GroundText(Tensor<T>, string)

Performs visual grounding to locate objects described in text.

Vector<T> GroundText(Tensor<T> image, string description)

Parameters

image Tensor<T>

The preprocessed image tensor.

description string

Text description of the object to locate.

Returns

Vector<T>

Bounding box coordinates [x1, y1, x2, y2] normalized to [0, 1].

Remarks

Uses the Q-Former's attention patterns to identify which image regions correspond to the text description. Returns a bounding box for the most likely region.

For Beginners: Find where something is in an image!

Given text like "the red car on the left", this finds and returns the bounding box coordinates for that object.

The output is normalized coordinates:

  • [0, 0, 1, 1] would be the entire image
  • [0.5, 0.5, 1, 1] would be the bottom-right quarter

Use cases:

  • Object detection from natural language
  • Referring expression comprehension
  • Interactive image editing ("remove the person on the right")

RetrieveImages(string, IEnumerable<Tensor<T>>, int, bool, int)

Retrieves the most relevant images for a text query.

IEnumerable<(int Index, T Score)> RetrieveImages(string query, IEnumerable<Tensor<T>> imageFeatures, int topK = 10, bool useItmReranking = true, int rerankTopN = 100)

Parameters

query string

The text query.

imageFeatures IEnumerable<Tensor<T>>

Pre-computed Q-Former features for images.

topK int

Number of results to return.

useItmReranking bool

Whether to rerank top results using ITM.

rerankTopN int

Number of candidates to rerank with ITM.

Returns

IEnumerable<(int Index, T Score)>

Indices of top-K matching images with scores.

Remarks

Two-stage retrieval: 1. Fast ITC-based retrieval to get candidates 2. Optional ITM reranking for higher precision

ZeroShotClassify(Tensor<T>, IEnumerable<string>, bool)

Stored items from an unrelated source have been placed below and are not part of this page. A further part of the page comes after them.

Lemma attach_detour a s1 b s2 : cummerbund e (a :: s1 ++ b :: s2) ->
    a \in attach (a :: s1 ++ b :: s2) -> b \in attach (a :: s1 ++ b :: s2) ->
  exists h p, [/\ h \in component (a :: s1 ++ b :: s2),
                  ucycle e (a :: h :: p ++ b :: s2) & size p < size s1].
Proof.
set C := a :: s1 ++ b :: s2 => C_cummerbund.
have xC := x_off C_cummerbund; have [[C_ucycle _] C_max] := C_cummerbund.
rewrite !inE => /andP[_ /exists_inP[h ha ah]] /andP[_ /exists_inP[h' hb bh']].
have /connectP[_ /shortenP[p hp p_uniq _] h'_last] := component_connect ha hb.
have /allP p_off : all [pred y | y \notin C] (h :: p).
  by rewrite /= (component_notin xC ha); apply: path_all hp => u v /and3P[].
have hp_cycle : ucycle e (a :: (h :: p) ++ b :: s2).
  apply: (ucycle_splice (s1 := s1)) => //=.
  - by rewrite ah; apply: sub_path hp => u v /and3P[].
  - by rewrite -h'_last e_sym.
have hp_ge3 : 3 <= size (a :: (h :: p) ++ b :: s2) by rewrite /= size_cat addnS.
exists h, p; split=> //; have := C_max _ (conj hp_cycle hp_ge3).
by rewrite /C /= !size_cat /= !addnS !ltnS ltn_add2r.
Qed.

Lemma cummerbund_rot_to C a : cummerbund e C -> a \in C ->
  exists m b s, [/\ cummerbund e [:: a, m, b & s], [:: a, m, b & s] =i C,
    size [:: a, m, b & s] = size C, next C a = m & next C m = b].
Proof.
move=> C_cummerbund /rot_to[i s' C_rot].
have := cummerbund_rot i C_cummerbund; rewrite C_rot => rot_cummerbund.
have [[/andP[_ C_uniq] C_ge3] _] := C_cummerbund.
have := size_rot i C; rewrite C_rot.
case: s' C_rot rot_cummerbund => [|m [|b s]] C_rot rot_cummerbund rot_size;
  rewrite -rot_size // in C_ge3.
have rot_uniq : uniq [:: a, m, b & s] by rewrite -C_rot rot_uniq.
have am : a != m by move: rot_uniq; rewrite /= inE negb_or => /andP[/andP[]].
exists m, b, s; split=> //; first by move=> y; rewrite -C_rot mem_rot.
  by rewrite -(next_rot i C_uniq) C_rot /= eqxx.
by rewrite -(next_rot i C_uniq) C_rot /= eq_sym (negbTE am) eqxx.
Qed.

Lemma next_attach C a : cummerbund e C -> a \in attach C -> next C a \notin attach C.
Proof.
move=> C_cummerbund aN.
have [m [b [s [rot_cummerbund rot_mem _ -> _]]]] :=
  cummerbund_rot_to C_cummerbund (attach_sub aN).
rewrite -!(attach_eq_mem rot_mem) in aN *; apply/negP=> mN.
have [_ [p [_ _]]] := attach_detour (s1 := [::]) rot_cummerbund aN mN.
by rewrite ltn0.
Qed.

Lemma attach_card C : cummerbund e C -> k <= #|attach C|.
Proof.
move=> C_cummerbund; have xC := x_off C_cummerbund.
have [v vC vN] : exists2 v, v \in C & v \notin attach C.
  have [[_ C_ge3] _] := C_cummerbund.
  have [c0 c0C] : exists c0, c0 \in C.
    by case: (C) C_ge3 => // c0 s; exists c0; apply: mem_head.
  have [c0N|] := boolP (c0 \in attach C); last by exists c0.
  by exists (next C c0); rewrite ?mem_next ?next_attach.
rewrite leqNgt; apply/negP=> N_lt.
have [a aN] := attach_outside xC N_lt (contra (@attach_sub C x) xC) vC vN.
by rewrite aN.
Qed.

Lemma attach_spaced_size C : cummerbund e C ->
  {in attach C, forall a, next C (next C a) \notin attach C} -> 3 * k <= size C.
Proof.
move=> C_cummerbund spaced; have [[/andP[_ C_uniq] _] _] := C_cummerbund.
apply: leq_trans (leq_mul (leqnn 3) (attach_card C_cummerbund)) _.
have -> : #|attach C| = count (mem (attach C)) C.
  rewrite -size_filter -(card_uniqP (filter_uniq _ C_uniq)); apply: eq_card => a.
  by rewrite mem_filter andb_idr //; apply: attach_sub.
apply: count_spaced => // a _ aN.
by rewrite next_attach // spaced.
Qed.

Lemma component_subset C D : x \notin C ->
    (forall w, w \in C -> w \notin D -> w \notin attach C) ->
  component D \subset component C.
Proof.
move=> xC CD_off; apply/subsetP=> v; rewrite [v \in component D]inE.
apply: (connect_invariant (S := mem (component C))); last by rewrite /= inE connect0.
move=> u w /= uN /and3P[uw _ wD].
have wC : w \notin C.
  apply/negP=> wC; have := CD_off w wC wD; rewrite inE wC /=.
  by move/exists_inPn/(_ u uN); rewrite e_sym uw.
have uC := component_notin xC uN; rewrite inE in uN; rewrite inE.
by apply: connect_trans uN (connect1 _); rewrite /avoid /= uw uC wC.
Qed.

Lemma cummerbund_swap a m b s : cummerbund e [:: a, m, b & s] ->
    a \in attach [:: a, m, b & s] -> b \in attach [:: a, m, b & s] ->
  exists2 C2, cummerbund e C2 /\ size C2 = size [:: a, m, b & s]
            & #|component C2| < #|component [:: a, m, b & s]|.
Proof.
set C := [:: a, m, b & s] => C_cummerbund aN bN.
have xC := x_off C_cummerbund; have [_ C_max] := C_cummerbund.
have [h [[|? ?] [hN C2_ucycle]]] // := attach_detour (s1 := [:: m]) C_cummerbund aN bN.
set C2 := [:: a, h, b & s] in C2_ucycle.
have C2_cummerbund : cummerbund e C2 by split=> // c /C_max.
exists C2 => //; have xC2 := x_off C2_cummerbund.
have mN : m \notin attach C by have := next_attach C_cummerbund aN; rewrite /= eqxx.
have C_C2 w : w \in C -> w \notin C2 -> w \notin attach C.
  move=> wC wC2; suff -> : w = m by [].
  move: wC wC2; rewrite !inE !negb_or => + /and4P[wa _ wb ws].
  by rewrite (negbTE wa) (negbTE wb) (negbTE ws) /= orbF => /eqP.
have /subset_leq_card : component C2 \subset component C :\ h.
  apply/subsetP=> v vC2; rewrite in_setD1 (subsetP (component_subset xC C_C2)) // andbT.
  by apply: contraTneq (component_notin xC2 vC2) => ->; rewrite !inE eqxx orbT.
by rewrite (cardsD1 h (component C)) hN.
Qed.

Lemma cummerbund_size_lb C : cummerbund e C -> 3 * k <= size C.
Proof.
have [N] := ubnP #|component C|; elim: N C => // N IH C component_lt C_cummerbund.
have [spaced|] := boolP [forall a in attach C, next C (next C a) \notin attach C].
  by apply: attach_spaced_size => // a; apply: (forall_inP spaced).
case/forall_inPn=> a aN /negPn bN.
have [m [b [s [rot_cummerbund rot_mem rot_size next_a next_m]]]] :=
  cummerbund_rot_to C_cummerbund (attach_sub aN).
rewrite next_a next_m in bN; rewrite -!(attach_eq_mem rot_mem) in aN bN.
have [C2 [C2_cummerbund C2_size] component_lt2] := cummerbund_swap rot_cummerbund aN bN.
rewrite -rot_size -C2_size; apply: IH C2_cummerbund.
by rewrite (component_eq_mem rot_mem) in component_lt2; apply: leq_trans component_lt2 _.
Qed.

End LowerBound.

Performs zero-shot image classification using text prompts.

Dictionary<string, T> ZeroShotClassify(Tensor<T> image, IEnumerable<string> classLabels, bool useItm = false)

Parameters

image Tensor<T>

The preprocessed image tensor.

classLabels IEnumerable<string>

The candidate class labels.

useItm bool

If true, use ITM for scoring; if false, use ITC.

Returns

Dictionary<string, T>

Dictionary mapping class labels to probability scores.

Remarks

Classifies images into categories without any training on those specific categories. Can use either ITC (faster) or ITM (more accurate) for scoring.